American soccer referee

Kevin Stott (born 1967) is a soccer referee for PRO from the United States. He was a FIFA referee from 1995 to 2008. Stott was selected as a support referee for the 2006 FIFA World Cup in Germany.

Stott was selected as MLS Referee of the Year in 2010, after being selected as a finalist seven times. He was the referee for the MLS Cup in 2001, 2005, and 2009. He was also the VAR for the MLS Cup in 2023, and the fourth official in 2000, 2006, and 2017.

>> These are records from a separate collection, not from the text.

Theorem proposition2 (R : realFieldType) (m n : nat) (Theta : finType)
    (uf : Theta -> 'I_m -> 'I_n -> R) (uw : 'I_m -> 'I_n -> R)
    (Psi : Theta -> R) :
  economy uf uw Psi ->
  unique_stable uf uw ->
  no_pref_cycle uf uw \/ SPC_star uf uw ->
  (exists s : profile m n, BNE uf uw Psi s) /\
  (forall s : profile m n, BNE uf uw Psi s ->
     forall th, stable (uf th) uw (outcome uf uw s th)).
Proof.
move=> [[Psi_gt0 _] uf_inj uw_inj uf_gt0 uw_gt0] unique cases; split.
  exists (fun=> setT); apply: (truthful_BNE Psi_gt0 uf_gt0 uw_gt0 uf_inj uw_inj) => th.
  case: cases => [acyclic|[sf [sw [spc _]]]]; first by left; apply: acyclic.
  by right; exists (sf th), (sw th); apply: spc.
case: cases => [acyclic|spc_star] s bne.
  exact: (acyclic_BNE_stable Psi_gt0 uf_gt0 uw_gt0 uf_inj uw_inj acyclic bne).
exact: (SPC_star_BNE_stable Psi_gt0 uf_gt0 uw_gt0 uf_inj uw_inj unique spc_star bne).
Qed.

Stott was given a referee assignment for an MLS Cup Playoff game every season for 26 straight years.

Stott was the referee for the US Open Cup final in 2000. He also refereed matches at the U20 and U17 World Cups, CONCACAF Gold Cups, CONCACAF Champions League, and World Cup Qualifiers.

Stott transitioned to the primary role of a VAR in 2022, after 27 years on the field as a referee in the MLS.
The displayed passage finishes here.